(Dataset entries)
<<<<

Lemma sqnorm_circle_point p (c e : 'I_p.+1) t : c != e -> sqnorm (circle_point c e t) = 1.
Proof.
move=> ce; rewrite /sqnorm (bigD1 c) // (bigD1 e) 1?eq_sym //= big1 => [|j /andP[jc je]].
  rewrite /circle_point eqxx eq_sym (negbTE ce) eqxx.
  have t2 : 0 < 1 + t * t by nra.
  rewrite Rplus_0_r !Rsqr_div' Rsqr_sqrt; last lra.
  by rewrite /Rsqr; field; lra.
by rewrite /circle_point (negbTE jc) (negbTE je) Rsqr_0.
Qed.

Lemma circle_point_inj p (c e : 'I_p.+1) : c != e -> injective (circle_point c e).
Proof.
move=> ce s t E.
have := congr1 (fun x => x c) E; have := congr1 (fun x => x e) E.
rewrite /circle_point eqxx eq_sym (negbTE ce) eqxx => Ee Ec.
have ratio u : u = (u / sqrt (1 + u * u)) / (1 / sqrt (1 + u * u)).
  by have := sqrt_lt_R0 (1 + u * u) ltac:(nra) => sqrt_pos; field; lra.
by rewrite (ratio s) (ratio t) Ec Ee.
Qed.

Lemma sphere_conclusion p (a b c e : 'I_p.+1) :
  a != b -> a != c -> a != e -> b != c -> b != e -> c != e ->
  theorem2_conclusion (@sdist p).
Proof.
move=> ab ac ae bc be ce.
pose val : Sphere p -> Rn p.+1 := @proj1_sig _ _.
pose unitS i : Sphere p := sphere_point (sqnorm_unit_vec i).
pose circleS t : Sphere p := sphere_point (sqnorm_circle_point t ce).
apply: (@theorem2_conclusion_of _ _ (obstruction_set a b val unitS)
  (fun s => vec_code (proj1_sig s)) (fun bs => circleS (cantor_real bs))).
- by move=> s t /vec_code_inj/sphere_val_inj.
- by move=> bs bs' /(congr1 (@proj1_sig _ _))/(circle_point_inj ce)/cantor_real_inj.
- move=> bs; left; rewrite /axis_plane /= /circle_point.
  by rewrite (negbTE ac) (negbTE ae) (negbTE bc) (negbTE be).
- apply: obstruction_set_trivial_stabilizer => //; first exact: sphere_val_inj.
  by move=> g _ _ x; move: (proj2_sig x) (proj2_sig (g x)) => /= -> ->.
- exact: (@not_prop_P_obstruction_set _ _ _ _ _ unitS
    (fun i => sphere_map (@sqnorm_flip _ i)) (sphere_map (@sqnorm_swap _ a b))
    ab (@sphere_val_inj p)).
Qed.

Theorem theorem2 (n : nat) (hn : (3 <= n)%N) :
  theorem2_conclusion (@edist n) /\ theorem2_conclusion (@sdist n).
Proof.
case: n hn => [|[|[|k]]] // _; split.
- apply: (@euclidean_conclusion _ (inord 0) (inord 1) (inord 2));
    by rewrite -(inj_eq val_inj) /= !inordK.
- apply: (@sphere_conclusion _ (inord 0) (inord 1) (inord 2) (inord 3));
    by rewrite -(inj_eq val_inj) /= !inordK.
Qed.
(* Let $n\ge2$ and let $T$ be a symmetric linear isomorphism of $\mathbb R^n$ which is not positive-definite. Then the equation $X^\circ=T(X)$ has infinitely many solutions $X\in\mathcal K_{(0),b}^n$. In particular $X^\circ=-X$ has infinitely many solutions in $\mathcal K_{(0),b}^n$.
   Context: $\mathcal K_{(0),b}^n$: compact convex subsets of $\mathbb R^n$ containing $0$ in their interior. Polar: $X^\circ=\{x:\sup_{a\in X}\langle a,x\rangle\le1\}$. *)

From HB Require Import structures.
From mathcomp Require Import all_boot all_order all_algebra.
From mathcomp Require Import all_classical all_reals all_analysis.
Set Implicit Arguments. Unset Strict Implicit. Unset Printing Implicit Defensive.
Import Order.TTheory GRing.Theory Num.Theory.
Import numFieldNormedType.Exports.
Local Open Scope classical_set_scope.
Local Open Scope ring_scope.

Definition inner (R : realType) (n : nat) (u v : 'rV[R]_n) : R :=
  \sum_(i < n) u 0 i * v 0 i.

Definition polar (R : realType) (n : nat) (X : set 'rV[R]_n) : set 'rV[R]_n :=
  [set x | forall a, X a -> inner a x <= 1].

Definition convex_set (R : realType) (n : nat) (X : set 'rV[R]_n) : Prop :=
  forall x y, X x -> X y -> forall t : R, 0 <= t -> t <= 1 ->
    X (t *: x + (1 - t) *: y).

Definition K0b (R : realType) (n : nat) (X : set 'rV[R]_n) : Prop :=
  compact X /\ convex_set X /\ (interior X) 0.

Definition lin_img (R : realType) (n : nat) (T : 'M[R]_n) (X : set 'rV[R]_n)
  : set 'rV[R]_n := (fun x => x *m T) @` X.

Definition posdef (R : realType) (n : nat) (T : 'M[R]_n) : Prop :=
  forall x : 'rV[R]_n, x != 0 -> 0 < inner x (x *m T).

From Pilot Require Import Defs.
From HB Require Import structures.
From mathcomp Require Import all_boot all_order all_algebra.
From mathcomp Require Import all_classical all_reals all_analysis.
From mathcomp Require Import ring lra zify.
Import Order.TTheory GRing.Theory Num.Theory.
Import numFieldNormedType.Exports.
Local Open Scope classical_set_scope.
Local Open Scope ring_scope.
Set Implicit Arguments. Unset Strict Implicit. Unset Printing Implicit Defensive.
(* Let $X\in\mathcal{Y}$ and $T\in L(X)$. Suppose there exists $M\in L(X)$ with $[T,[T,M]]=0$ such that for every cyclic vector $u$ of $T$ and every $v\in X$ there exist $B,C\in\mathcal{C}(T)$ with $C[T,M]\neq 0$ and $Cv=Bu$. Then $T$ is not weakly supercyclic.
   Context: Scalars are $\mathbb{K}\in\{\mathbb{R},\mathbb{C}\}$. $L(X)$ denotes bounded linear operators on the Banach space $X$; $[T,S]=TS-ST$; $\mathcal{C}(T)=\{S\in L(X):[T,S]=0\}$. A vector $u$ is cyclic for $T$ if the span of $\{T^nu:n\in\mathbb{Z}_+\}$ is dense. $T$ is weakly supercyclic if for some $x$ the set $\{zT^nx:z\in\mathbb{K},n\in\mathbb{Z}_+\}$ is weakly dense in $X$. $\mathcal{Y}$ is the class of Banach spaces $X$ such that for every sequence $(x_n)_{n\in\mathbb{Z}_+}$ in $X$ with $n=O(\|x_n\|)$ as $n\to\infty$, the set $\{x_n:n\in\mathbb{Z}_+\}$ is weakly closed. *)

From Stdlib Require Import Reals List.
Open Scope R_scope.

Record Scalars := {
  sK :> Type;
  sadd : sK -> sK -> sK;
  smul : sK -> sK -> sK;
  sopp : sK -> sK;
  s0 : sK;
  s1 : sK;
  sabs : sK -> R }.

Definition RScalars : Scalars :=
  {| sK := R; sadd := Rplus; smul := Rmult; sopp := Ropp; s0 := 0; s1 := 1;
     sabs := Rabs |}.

>>>>

◆ Your goal ◆
If a line above holds the string "Lemma", copy it out.

◆ Task result ◆
Lemma sqnorm_circle_point p (c e : 'I_p.+1) t : c != e -> sqnorm (circle_point c e t) = 1.
Lemma circle_point_inj p (c e : 'I_p.+1) : c != e -> injective (circle_point c e).
Lemma sphere_conclusion p (a b c e : 'I_p.+1) :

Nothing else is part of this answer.